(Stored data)
------------------------------------

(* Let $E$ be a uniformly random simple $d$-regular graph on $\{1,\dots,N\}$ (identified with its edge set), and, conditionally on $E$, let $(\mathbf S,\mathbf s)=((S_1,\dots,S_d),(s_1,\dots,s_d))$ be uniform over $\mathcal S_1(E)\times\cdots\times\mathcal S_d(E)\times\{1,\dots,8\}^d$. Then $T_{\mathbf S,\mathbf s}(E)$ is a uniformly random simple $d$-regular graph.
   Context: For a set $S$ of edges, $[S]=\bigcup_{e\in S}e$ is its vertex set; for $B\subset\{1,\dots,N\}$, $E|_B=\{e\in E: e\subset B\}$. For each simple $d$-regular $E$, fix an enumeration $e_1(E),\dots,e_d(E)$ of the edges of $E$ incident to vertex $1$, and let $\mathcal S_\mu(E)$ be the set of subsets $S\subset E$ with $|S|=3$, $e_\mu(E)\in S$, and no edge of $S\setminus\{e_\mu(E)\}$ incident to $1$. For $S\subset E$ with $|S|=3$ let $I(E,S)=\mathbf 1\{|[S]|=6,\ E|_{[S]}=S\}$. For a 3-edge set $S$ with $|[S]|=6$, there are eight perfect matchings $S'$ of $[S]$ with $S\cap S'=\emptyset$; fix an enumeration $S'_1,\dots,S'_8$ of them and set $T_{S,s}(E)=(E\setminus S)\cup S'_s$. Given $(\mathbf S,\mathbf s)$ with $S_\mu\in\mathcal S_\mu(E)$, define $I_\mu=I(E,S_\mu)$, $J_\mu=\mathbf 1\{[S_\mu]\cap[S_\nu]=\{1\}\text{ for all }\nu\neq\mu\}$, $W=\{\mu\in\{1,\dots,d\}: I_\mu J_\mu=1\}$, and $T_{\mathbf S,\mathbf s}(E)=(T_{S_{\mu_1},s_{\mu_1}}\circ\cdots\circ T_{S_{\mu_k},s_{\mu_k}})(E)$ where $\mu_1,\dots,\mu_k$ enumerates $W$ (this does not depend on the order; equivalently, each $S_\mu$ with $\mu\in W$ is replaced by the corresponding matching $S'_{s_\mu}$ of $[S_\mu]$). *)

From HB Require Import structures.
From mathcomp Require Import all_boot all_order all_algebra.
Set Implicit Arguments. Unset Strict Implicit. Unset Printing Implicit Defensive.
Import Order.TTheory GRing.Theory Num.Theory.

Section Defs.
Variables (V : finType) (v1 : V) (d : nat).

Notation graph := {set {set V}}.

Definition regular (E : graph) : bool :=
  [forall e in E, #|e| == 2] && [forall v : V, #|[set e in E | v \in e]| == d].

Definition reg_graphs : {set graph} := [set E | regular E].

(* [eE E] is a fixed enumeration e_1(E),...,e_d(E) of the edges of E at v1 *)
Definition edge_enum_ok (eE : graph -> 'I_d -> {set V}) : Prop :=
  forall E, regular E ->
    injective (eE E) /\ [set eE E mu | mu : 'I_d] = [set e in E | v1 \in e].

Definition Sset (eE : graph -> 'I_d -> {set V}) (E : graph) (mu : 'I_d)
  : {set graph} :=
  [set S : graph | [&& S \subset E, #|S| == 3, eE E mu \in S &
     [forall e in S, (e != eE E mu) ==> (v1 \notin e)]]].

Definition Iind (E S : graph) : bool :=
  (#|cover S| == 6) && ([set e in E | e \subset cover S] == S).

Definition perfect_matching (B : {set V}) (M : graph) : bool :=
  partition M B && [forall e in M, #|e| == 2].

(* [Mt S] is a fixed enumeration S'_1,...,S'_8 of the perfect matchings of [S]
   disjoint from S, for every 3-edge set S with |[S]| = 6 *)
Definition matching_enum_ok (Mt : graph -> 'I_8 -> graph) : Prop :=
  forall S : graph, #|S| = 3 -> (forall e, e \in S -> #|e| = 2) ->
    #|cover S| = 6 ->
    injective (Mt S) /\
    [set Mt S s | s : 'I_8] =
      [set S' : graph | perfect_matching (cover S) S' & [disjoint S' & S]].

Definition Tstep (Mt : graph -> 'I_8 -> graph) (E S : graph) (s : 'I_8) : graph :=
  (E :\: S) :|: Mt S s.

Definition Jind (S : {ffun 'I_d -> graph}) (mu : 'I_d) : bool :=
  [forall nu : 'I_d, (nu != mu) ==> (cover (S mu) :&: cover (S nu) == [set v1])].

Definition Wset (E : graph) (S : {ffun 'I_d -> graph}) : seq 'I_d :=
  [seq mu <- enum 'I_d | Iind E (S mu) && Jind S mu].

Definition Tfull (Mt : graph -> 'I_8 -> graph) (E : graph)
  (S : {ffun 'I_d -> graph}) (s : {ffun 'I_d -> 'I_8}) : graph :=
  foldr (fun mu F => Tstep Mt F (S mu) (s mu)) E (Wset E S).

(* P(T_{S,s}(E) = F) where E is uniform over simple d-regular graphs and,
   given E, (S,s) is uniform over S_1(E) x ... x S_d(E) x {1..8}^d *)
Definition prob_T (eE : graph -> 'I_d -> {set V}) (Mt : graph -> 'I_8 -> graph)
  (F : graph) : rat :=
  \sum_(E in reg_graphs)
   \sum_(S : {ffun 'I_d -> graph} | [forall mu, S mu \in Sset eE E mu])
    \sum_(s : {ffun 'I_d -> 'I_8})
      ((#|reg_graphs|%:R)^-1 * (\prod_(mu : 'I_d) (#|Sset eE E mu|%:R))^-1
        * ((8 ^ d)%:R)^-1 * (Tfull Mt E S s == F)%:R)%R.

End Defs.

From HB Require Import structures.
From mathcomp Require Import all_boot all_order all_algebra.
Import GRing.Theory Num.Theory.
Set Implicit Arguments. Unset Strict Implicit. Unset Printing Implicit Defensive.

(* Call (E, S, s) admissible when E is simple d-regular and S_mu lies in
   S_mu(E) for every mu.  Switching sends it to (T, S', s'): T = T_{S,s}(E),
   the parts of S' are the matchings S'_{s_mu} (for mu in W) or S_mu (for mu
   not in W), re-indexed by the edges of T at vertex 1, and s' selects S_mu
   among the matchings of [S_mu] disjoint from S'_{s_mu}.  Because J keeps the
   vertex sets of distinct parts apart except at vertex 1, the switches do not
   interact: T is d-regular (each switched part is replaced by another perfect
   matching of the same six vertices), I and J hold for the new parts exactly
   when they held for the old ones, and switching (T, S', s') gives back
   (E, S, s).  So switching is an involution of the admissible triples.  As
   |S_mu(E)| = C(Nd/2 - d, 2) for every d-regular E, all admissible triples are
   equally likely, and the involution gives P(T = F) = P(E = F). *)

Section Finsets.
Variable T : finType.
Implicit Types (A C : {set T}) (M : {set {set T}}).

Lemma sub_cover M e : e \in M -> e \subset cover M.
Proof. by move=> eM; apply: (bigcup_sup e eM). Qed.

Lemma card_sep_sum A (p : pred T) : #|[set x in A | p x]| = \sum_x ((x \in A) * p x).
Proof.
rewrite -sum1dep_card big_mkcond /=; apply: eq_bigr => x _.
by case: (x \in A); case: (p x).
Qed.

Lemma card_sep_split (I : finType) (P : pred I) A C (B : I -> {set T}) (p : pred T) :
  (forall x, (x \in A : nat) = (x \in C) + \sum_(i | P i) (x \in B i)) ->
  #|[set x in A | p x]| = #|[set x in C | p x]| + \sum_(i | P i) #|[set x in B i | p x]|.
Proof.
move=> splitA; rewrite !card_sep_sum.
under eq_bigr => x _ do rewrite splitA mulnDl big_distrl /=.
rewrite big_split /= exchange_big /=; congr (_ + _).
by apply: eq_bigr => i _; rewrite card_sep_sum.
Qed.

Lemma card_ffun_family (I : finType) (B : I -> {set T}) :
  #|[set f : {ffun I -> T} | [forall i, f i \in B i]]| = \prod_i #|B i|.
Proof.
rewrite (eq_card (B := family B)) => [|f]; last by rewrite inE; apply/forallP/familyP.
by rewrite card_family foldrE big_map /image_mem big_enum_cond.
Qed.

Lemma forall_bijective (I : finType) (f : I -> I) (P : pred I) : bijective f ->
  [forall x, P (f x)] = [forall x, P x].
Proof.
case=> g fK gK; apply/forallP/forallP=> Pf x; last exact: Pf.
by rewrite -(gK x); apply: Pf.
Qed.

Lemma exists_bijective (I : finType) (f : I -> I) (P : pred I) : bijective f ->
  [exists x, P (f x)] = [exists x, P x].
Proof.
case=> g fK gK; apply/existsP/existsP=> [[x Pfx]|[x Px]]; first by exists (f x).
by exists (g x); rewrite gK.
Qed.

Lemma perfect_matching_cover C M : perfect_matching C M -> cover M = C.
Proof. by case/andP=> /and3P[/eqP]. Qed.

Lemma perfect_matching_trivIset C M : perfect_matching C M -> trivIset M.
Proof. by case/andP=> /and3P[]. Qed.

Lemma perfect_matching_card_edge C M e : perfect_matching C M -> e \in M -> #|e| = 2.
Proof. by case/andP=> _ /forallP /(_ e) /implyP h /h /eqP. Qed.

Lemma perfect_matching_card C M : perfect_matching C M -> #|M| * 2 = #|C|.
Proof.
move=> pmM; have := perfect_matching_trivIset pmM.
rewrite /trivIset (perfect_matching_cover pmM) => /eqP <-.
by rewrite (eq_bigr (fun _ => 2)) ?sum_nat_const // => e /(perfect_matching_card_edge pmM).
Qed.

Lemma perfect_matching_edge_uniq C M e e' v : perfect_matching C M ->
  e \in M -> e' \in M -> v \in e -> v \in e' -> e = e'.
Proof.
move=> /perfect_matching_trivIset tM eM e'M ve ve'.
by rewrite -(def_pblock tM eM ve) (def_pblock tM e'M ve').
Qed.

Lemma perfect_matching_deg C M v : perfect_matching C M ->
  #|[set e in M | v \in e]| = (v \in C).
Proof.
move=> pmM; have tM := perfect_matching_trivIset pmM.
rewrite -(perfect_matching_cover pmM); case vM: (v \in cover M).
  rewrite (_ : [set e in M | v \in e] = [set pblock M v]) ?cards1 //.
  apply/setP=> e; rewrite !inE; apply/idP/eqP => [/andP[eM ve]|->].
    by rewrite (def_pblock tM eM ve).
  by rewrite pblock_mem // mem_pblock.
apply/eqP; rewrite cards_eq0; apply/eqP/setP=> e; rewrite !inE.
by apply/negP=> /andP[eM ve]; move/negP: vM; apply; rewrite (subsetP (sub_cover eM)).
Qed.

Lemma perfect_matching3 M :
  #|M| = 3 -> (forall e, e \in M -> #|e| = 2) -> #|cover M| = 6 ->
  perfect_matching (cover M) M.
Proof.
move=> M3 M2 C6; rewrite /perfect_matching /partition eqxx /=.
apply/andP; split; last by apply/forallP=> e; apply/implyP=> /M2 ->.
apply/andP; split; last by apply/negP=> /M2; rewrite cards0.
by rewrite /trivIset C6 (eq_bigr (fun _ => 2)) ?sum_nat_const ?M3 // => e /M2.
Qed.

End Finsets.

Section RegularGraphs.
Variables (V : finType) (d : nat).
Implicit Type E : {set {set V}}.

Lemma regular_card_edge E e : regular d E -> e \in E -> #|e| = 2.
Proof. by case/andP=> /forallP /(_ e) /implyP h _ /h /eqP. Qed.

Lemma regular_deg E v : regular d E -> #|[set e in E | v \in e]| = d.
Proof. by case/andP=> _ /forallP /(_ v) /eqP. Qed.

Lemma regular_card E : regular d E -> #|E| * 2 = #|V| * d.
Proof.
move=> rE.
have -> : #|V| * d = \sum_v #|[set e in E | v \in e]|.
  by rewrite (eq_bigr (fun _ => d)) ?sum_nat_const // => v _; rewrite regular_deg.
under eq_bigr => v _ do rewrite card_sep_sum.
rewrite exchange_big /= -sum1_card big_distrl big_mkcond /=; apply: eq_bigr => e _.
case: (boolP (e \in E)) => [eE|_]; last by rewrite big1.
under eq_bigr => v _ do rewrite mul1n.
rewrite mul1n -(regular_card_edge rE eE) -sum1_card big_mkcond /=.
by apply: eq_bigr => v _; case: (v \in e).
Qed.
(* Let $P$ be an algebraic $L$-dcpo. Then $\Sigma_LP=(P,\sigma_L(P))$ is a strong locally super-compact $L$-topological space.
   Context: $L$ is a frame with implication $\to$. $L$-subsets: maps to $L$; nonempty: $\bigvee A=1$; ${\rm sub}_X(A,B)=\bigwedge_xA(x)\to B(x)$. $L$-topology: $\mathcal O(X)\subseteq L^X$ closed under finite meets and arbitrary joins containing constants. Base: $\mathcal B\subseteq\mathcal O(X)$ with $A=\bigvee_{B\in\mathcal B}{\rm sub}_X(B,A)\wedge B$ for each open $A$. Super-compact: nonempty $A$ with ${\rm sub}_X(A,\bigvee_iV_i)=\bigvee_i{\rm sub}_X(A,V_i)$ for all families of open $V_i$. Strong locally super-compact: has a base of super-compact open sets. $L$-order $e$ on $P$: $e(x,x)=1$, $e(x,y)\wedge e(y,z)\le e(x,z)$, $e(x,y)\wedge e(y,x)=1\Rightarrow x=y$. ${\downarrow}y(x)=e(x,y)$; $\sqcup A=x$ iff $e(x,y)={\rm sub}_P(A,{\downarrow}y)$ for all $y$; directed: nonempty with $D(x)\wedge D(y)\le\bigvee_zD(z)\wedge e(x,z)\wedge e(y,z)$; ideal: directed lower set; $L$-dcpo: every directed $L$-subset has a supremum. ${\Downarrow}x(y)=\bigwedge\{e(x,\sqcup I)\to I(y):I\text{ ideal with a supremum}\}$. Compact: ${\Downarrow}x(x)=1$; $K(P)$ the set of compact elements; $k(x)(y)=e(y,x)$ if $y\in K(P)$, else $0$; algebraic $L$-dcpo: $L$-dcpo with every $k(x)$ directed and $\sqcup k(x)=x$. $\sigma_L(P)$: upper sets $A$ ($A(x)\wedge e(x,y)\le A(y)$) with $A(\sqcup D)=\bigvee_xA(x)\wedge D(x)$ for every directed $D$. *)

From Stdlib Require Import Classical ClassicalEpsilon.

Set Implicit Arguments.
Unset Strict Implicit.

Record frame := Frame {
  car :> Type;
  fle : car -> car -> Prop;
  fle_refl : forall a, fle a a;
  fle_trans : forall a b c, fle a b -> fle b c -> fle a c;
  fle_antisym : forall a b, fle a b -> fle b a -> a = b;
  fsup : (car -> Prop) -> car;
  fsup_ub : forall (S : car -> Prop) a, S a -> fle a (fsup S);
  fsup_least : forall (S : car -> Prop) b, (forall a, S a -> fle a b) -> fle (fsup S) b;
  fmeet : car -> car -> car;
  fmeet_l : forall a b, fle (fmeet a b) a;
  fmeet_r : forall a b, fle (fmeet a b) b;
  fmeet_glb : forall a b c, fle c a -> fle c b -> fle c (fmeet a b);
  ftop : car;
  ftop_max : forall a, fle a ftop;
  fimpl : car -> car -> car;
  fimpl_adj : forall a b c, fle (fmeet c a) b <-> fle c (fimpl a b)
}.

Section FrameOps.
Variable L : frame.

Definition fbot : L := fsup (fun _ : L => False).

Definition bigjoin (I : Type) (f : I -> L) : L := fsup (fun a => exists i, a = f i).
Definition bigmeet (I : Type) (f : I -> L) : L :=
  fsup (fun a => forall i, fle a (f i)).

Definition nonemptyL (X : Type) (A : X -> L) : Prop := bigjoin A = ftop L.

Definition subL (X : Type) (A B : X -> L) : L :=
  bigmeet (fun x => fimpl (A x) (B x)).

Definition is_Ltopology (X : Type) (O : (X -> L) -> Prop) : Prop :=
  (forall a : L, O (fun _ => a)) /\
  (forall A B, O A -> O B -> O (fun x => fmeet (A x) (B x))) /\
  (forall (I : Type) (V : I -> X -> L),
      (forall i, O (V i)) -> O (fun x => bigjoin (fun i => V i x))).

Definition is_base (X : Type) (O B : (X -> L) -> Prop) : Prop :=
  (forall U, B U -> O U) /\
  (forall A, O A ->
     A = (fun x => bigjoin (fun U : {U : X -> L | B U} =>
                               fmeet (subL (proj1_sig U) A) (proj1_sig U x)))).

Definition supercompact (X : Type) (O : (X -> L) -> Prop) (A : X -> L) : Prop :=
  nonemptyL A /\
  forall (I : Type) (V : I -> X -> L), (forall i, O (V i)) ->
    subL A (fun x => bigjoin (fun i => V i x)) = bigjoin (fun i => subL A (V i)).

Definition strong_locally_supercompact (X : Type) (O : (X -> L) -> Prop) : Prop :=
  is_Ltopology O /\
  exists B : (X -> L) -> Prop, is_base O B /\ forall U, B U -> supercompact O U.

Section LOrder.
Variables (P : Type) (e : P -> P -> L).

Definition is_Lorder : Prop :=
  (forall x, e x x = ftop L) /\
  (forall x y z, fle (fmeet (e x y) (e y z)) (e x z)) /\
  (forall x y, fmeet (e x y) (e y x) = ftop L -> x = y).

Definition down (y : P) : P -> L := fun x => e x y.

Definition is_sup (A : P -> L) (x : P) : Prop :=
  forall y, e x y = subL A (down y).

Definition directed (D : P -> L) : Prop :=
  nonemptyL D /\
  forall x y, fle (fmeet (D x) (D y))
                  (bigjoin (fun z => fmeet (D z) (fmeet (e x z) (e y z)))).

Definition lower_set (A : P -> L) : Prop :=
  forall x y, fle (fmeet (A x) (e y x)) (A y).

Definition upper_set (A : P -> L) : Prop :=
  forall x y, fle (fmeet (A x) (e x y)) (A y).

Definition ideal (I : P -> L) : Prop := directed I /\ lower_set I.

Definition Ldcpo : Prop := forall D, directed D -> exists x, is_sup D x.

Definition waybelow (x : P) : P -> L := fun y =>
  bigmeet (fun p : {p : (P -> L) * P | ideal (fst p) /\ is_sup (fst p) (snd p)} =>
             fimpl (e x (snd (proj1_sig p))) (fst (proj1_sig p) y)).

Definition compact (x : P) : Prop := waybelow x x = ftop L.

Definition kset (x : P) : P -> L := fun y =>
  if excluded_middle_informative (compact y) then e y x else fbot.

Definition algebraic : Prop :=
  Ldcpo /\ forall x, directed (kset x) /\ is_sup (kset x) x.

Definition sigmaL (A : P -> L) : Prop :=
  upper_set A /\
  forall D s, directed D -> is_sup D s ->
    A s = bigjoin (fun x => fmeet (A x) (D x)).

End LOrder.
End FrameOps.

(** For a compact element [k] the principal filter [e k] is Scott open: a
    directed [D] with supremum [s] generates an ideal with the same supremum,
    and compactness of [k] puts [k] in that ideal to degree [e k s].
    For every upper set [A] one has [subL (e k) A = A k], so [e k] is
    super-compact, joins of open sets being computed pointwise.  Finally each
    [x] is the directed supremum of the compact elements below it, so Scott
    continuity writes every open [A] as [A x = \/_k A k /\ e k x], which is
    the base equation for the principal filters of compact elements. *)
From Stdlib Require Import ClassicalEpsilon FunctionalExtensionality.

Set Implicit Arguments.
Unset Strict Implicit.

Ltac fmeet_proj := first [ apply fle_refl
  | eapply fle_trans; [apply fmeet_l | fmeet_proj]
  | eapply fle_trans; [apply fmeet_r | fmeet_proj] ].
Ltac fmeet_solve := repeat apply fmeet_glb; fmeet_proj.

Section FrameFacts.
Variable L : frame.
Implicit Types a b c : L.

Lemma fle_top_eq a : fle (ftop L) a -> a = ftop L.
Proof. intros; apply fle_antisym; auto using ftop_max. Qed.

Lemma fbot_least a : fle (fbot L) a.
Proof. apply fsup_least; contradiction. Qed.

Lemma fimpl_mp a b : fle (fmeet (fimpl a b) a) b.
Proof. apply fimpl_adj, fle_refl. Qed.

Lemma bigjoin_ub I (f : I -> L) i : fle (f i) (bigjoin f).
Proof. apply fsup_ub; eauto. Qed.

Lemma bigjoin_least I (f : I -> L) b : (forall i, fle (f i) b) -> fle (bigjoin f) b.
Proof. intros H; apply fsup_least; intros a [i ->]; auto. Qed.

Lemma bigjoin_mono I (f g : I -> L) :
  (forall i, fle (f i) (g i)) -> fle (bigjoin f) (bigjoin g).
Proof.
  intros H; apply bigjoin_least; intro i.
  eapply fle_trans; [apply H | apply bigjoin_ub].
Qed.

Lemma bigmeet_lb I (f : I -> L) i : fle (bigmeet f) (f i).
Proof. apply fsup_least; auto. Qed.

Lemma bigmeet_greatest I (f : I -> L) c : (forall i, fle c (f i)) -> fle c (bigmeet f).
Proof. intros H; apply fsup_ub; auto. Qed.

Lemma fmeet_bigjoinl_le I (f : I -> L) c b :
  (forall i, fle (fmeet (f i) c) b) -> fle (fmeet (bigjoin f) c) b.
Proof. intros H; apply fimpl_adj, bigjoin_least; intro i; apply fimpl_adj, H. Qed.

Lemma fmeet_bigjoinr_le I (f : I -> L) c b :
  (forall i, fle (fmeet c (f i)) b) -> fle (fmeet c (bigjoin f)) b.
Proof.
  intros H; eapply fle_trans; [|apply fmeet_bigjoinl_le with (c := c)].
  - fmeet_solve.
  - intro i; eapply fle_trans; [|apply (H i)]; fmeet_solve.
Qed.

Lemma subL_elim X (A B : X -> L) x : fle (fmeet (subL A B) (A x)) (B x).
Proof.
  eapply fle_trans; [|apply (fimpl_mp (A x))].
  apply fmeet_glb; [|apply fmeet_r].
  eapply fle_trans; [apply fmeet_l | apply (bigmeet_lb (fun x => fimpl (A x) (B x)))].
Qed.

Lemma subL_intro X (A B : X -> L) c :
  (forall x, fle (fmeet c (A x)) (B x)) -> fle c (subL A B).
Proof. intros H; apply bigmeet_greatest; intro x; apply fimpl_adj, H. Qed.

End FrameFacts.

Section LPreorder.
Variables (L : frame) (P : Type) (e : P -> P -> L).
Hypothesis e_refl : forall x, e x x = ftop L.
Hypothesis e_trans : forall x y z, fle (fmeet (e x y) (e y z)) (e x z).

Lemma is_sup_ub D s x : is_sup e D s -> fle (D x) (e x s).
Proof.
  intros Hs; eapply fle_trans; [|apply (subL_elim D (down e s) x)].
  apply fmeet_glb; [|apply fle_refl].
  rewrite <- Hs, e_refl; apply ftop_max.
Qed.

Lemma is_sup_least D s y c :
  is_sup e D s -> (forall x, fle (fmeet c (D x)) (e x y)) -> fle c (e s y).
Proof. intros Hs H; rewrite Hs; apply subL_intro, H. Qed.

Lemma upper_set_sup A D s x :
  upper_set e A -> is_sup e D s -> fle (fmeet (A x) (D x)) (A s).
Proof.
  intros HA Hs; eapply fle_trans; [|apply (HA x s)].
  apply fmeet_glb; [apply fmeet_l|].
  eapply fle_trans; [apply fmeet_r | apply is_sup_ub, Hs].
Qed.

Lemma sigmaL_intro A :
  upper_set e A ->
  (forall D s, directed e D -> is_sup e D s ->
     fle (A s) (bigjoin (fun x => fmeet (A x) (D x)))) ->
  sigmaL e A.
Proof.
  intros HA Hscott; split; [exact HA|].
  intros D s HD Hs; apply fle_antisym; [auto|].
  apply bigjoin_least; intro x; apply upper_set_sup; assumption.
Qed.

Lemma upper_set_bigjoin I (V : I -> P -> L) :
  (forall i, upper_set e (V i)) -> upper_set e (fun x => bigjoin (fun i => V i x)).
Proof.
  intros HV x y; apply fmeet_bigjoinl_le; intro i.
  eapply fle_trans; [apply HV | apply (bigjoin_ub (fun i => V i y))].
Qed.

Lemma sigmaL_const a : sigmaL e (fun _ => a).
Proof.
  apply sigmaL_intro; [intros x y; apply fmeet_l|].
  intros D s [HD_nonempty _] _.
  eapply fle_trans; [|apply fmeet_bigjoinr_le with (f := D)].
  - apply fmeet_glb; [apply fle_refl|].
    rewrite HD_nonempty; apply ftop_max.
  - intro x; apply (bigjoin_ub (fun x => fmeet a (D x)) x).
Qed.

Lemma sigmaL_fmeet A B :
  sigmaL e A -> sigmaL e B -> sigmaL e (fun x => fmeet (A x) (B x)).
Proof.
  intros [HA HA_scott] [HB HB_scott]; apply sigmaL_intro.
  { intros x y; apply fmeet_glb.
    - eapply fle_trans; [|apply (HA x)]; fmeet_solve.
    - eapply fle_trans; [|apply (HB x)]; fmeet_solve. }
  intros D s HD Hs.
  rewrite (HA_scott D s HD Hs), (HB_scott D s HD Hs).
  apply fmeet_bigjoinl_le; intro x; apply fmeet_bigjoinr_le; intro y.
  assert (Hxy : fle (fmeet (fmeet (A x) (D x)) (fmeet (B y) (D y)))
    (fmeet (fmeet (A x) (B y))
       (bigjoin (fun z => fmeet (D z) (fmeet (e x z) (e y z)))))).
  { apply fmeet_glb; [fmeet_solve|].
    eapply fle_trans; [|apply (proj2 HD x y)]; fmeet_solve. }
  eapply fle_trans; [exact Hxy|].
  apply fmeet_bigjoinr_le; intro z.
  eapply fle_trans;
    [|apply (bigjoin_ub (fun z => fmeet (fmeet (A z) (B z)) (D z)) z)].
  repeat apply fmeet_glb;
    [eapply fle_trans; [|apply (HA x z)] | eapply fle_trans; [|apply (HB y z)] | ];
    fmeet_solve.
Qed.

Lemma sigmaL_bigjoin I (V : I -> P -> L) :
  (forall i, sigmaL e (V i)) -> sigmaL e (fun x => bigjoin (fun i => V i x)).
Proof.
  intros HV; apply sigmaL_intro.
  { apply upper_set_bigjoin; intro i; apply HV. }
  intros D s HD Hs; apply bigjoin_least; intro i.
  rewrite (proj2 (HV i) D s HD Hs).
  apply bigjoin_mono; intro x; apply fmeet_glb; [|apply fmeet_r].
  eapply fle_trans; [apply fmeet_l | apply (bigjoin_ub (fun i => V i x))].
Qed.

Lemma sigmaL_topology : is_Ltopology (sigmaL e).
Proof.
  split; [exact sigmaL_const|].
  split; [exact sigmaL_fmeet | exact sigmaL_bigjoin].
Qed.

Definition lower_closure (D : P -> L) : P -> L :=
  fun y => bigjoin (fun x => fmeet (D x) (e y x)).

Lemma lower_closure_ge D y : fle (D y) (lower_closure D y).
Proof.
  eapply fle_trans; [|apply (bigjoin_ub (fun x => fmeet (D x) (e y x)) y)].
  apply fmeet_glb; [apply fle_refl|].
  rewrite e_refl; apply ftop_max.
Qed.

------------------------------------

WHAT IS EXPECTED:
Retype only the stretch of lines above starting at the one with "fsup (fun a => forall i, fle a (f i))." and stopping at the one with "L), (forall i, O (V i)) ->", exactly as written, with both kept.

TASK SOLUTION:
  fsup (fun a => forall i, fle a (f i)).

Definition nonemptyL (X : Type) (A : X -> L) : Prop := bigjoin A = ftop L.

Definition subL (X : Type) (A B : X -> L) : L :=
  bigmeet (fun x => fimpl (A x) (B x)).

Definition is_Ltopology (X : Type) (O : (X -> L) -> Prop) : Prop :=
  (forall a : L, O (fun _ => a)) /\
  (forall A B, O A -> O B -> O (fun x => fmeet (A x) (B x))) /\
  (forall (I : Type) (V : I -> X -> L),
      (forall i, O (V i)) -> O (fun x => bigjoin (fun i => V i x))).

Definition is_base (X : Type) (O B : (X -> L) -> Prop) : Prop :=
  (forall U, B U -> O U) /\
  (forall A, O A ->
     A = (fun x => bigjoin (fun U : {U : X -> L | B U} =>
                               fmeet (subL (proj1_sig U) A) (proj1_sig U x)))).

Definition supercompact (X : Type) (O : (X -> L) -> Prop) (A : X -> L) : Prop :=
  nonemptyL A /\
  forall (I : Type) (V : I -> X -> L), (forall i, O (V i)) ->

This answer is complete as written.